- Origin: Italy
- Genres: Eurobeat, Hi-NRG
- Years active: 1987–1993
- Labels: Alfa, EMI Music Japan

= King Kong & D. Jungle Girls =

Italian band

King Kong & D. Jungle Girls was an Italian Eurobeat/Hi-NRG group formed in 1987. This Alias has been used by different Italian artists, which is very common among Eurobeat singers. To date, they have released two albums (in 1989 and 1991) as well as two compilation CDs and several singles. Several incarnations of their songs "Boom Boom Dollar" and "Walkie Talkie" have been featured in the Dance Dance Revolution video games and Dancemania compilation series and its sub-series including Speed. The English language lyrics to these songs, which bear a striking similarity to Engrish, are often misheard and largely incomprehensible to native speakers, a trait it shares with current Eurobeat music.

==Members==

Male Vocal: Mauro Farina ( 1988 - 1991 ), Giancarlo Pasquini ( 1991 - 1993 ).

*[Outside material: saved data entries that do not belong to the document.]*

Lemma fold_Rplus_nonneg (l : list R) :
  (forall a, In a l -> 0 <= a) -> 0 <= fold_right Rplus 0 l.
Proof.
  induction l as [|b l IH]; simpl; intros H; [lra|].
  pose proof (H b (or_introl eq_refl)). specialize (IH (fun a Ha => H a (or_intror Ha))). lra.
Qed.

Lemma fold_Rplus_ge_In (l : list R) a :
  (forall b, In b l -> 0 <= b) -> In a l -> a <= fold_right Rplus 0 l.
Proof.
  induction l as [|b l IH]; simpl; intros H Ha; [easy|].
  assert (Hl : forall c, In c l -> 0 <= c) by auto.
  destruct Ha as [<-|Ha].
  - pose proof (fold_Rplus_nonneg l Hl). lra.
  - specialize (IH Hl Ha). specialize (H b (or_introl eq_refl)). lra.
Qed.

Lemma in_window K n : In n (seq 0 (2 * K + 1)) -> (Z.abs (Z.of_nat n - Z.of_nat K) <= Z.of_nat K)%Z.
Proof. rewrite in_seq. lia. Qed.

Lemma sumZ_ext_window K f g :
  (forall k, (Z.abs k <= Z.of_nat K)%Z -> f k = g k) -> sumZ K f = sumZ K g.
Proof. intros H. unfold sumZ. f_equal. apply map_ext_in. intros n Hn. apply H, in_window, Hn. Qed.

Lemma sumZ_le K f g : (forall k, f k <= g k) -> sumZ K f <= sumZ K g.
Proof.
  intros H. unfold sumZ. induction (seq 0 (2 * K + 1)) as [|n l IH]; simpl; [lra|].
  apply Rplus_le_compat; auto.
Qed.

Lemma sumZ_ge_term K f k :
  (forall k, 0 <= f k) -> (Z.abs k <= Z.of_nat K)%Z -> f k <= sumZ K f.
Proof.
  intros H Hk. apply fold_Rplus_ge_In.
  - intros b Hb. apply in_map_iff in Hb as [n [<- _]]. apply H.
  - apply in_map_iff. exists (Z.to_nat (k + Z.of_nat K)). split.
    + f_equal. lia.
    + apply in_seq. lia.
Qed.

Lemma sumZ_INR K (f : Z -> nat) : exists n, sumZ K (fun k => INR (f k)) = INR n.
Proof.
  unfold sumZ. induction (seq 0 (2 * K + 1)) as [|a l [n IH]]; simpl.
  - now exists 0%nat.
  - exists (f (Z.of_nat a - Z.of_nat K)%Z + n)%nat. now rewrite plus_INR, IH.
Qed.

Lemma diff_within_witness (x xh : Z -> R) K : x <> xh -> diff_within x xh K ->
  exists k, (Z.abs k <= Z.of_nat K)%Z /\ x k <> xh k.
Proof.
  intros Hne Hd. apply NNPP. intros Hno. apply Hne, functional_extensionality. intros k.
  destruct (Z_le_gt_dec (Z.abs k) (Z.of_nat K)).
  - apply NNPP. eauto.
  - apply Hd. lia.
Qed.

Lemma div_sqrt_self t : 0 < t -> t / sqrt t = sqrt t.
Proof.
  intros Ht. assert (Hs : 0 < sqrt t) by (apply sqrt_lt_R0, Ht).
  rewrite <- (sqrt_sqrt t) at 1 by lra. field. lra.
Qed.

Section Ratios.

Variables (d : R) (x xh : Z -> R) (K : nat).
Hypotheses (Hd : d <> 0) (Hne : x <> xh) (Hwin : diff_within x xh K).

Lemma sumZ_sigB_pos : 0 < sumZ K (sigB d x xh).
Proof.
  destruct (diff_within_witness x xh K Hne Hwin) as [k [Hk Hxk]].
  assert (Hpos : 0 < sigB d x xh k).
  { destruct (sigB_nonneg d x xh Hd k) as [H|H]; [exact H|].
    now apply eq_sym, sigB_eq0 in H. }
  pose proof (sumZ_ge_term K (sigB d x xh) k (sigB_nonneg d x xh Hd) Hk). lra.
Qed.

Lemma aX_ge : sqrt (sumZ K (sigB d x xh)) <= aX d x xh K.
Proof.
  pose proof sumZ_sigB_pos as Hpos.
  pose proof (sumZ_le K _ _ (sigB_le_muX d x xh Hd)) as Hle.
  unfold aX. change (sumZ K (sigX d x xh)) with (sumZ K (muX d x xh)).
  rewrite div_sqrt_self by lra. apply sqrt_le_1_alt, Hle.
Qed.

Lemma aB_ge : sqrt (sumZ K (sigB d x xh)) <= aB d x xh K.
Proof.
  pose proof sumZ_sigB_pos as Hpos.
  pose proof (sumZ_le K _ _ (sigB_le_muB d x xh)) as Hle.
  unfold aB. rewrite <- (div_sqrt_self (sumZ K (sigB d x xh))) at 1 by exact Hpos.
  apply Rmult_le_compat_r; [|exact Hle].
  apply Rlt_le, Rinv_0_lt_compat, sqrt_lt_R0, Hpos.
Qed.

Lemma aX_aB_no_s1s4 :
  (forall k, (Z.abs k <= Z.of_nat K)%Z -> is_s1s4 d (x k) (xh k) = false) ->
  aX d x xh K = sqrt (sumZ K (sigB d x xh)) /\ aB d x xh K = sqrt (sumZ K (sigB d x xh)).
Proof.
  intros H. pose proof sumZ_sigB_pos as Hpos.
  assert (EX : sumZ K (muX d x xh) = sumZ K (sigB d x xh))
    by (apply sumZ_ext_window; intros; apply muX_not_s1s4; auto).
  assert (EB : sumZ K (muB d x xh) = sumZ K (sigB d x xh))
    by (apply sumZ_ext_window; intros; apply muB_not_s1s4; auto).
  unfold aX, aB. change (sumZ K (sigX d x xh)) with (sumZ K (muX d x xh)).
  rewrite EX, EB, div_sqrt_self by exact Hpos. now split.
Qed.

End Ratios.

Definition xorseq (u v : Z -> bool) : Z -> bool := fun k => xorb (u k) (v k).

Lemma xorseq_cancel_r u v w : xorseq (xorseq u w) (xorseq v w) = xorseq u v.
Proof. apply functional_extensionality. intros k. unfold xorseq. now destruct (u k), (v k), (w k). Qed.

Lemma laurent_xorseq u v : laurent u -> laurent v -> laurent (xorseq u v).
Proof.
  intros [N HN] [M HM]. exists (Z.min N M). intros k Hk.
  unfold xorseq. rewrite HN, HM by lia. reflexivity.
Qed.

Lemma conv_xorseq g u v k : conv g (xorseq u v) k = xorb (conv g u k) (conv g v k).
Proof.
  revert k; induction g as [|c g IH]; intros k; simpl; [reflexivity|].
  rewrite IH. unfold xorseq.
  destruct c, (u k), (v k), (conv g u (k - 1)%Z), (conv g v (k - 1)%Z); reflexivity.
Qed.

Lemma conv_zero g k : conv g (fun _ => false) k = false.
Proof. revert k; induction g as [|c g IH]; intros k; simpl; [|rewrite IH; destruct c]; reflexivity. Qed.

Definition coef (g : list bool) (i : Z) : bool :=
  if (i <? 0)%Z then false else nth (Z.to_nat i) g false.

Lemma coef_out g i : (Z.of_nat (length g) <= i)%Z \/ (i < 0)%Z -> coef g i = false.
Proof.
  intros H. unfold coef. destruct (Z.ltb_spec i 0); [reflexivity|].
  apply nth_overflow. lia.
Qed.

Lemma conv_impulse g r k : conv g (fun i => Z.eqb i r) k = coef g (k - r).
Proof.
  revert k; induction g as [|c g IH]; intros k; simpl.
  - unfold coef. destruct (_ <? 0)%Z; [|destruct (Z.to_nat _)]; reflexivity.
  - rewrite IH. unfold coef.
    destruct (Z.eqb_spec k r) as [->|Hkr].
    + replace (r - r)%Z with 0%Z by lia.
      destruct (Z.ltb_spec (r - 1 - r) 0); [|lia]. now destruct c.
    + destruct (Z.ltb_spec (k - r) 0), (Z.ltb_spec (k - 1 - r) 0); try lia.
      * now destruct c.
      * replace (Z.to_nat (k - r)) with (S (Z.to_nat (k - 1 - r))) by lia.
        now destruct c.
Qed.

Lemma first_true g : In true g ->
  exists j, nth j g false = true /\ forall i, (i < j)%nat -> nth i g false = false.
Proof.
  induction g as [|c g IH]; simpl; [tauto|]. intros H.
  destruct c.
  - exists 0%nat. split; [reflexivity | intros; lia].
  - destruct H as [H|H]; [discriminate|].
    destruct (IH H) as [j [Hj Hlt]]. exists (S j). split; [exact Hj|].
    intros [|i] Hi; [reflexivity|]. apply Hlt. lia.
Qed.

Female Vocal: Clara Moroni, Elena Ferretti.

==Discography==

===Albums===

- Boom Boom Dollars (1989)
- King Kong (1991)
- Best of (1996)
- Boom Boom Dollar - King Kong Greatest Hits (2000)

===Singles===

- "Don't Let Me Be Misunderstood" (1987)
- "Lies" (1987)
- "It's So Funny" (1988)
- "Boom Boom Dollar" (1989)
- "Go, Go Boy" (1989)
- "Walkie Talkie" (1989)
- "Soft Time" (1989)
- "King Kong" (1990)
- "Little Flowers" (1990)
- "Love & American Dollars" (1990)
- "Turn The Sound Up Higher" (1990)
- "Bingo" (1991)
- "Bad Man" (1991)
- "Merry-Go-Round" (1992)
- "Panic in New York" (1993)

==Name inconsistencies==

The "Jungle Girls" part of the group's name is often printed differently in English, most likely due to translation issues. While it seems to make sense (the actual printed name is "D. Jungle Girls"), it has also been printed as "The D.Jungle Girls" and most often, "D.J.Ungle Girls" or "D'Jungle Girls".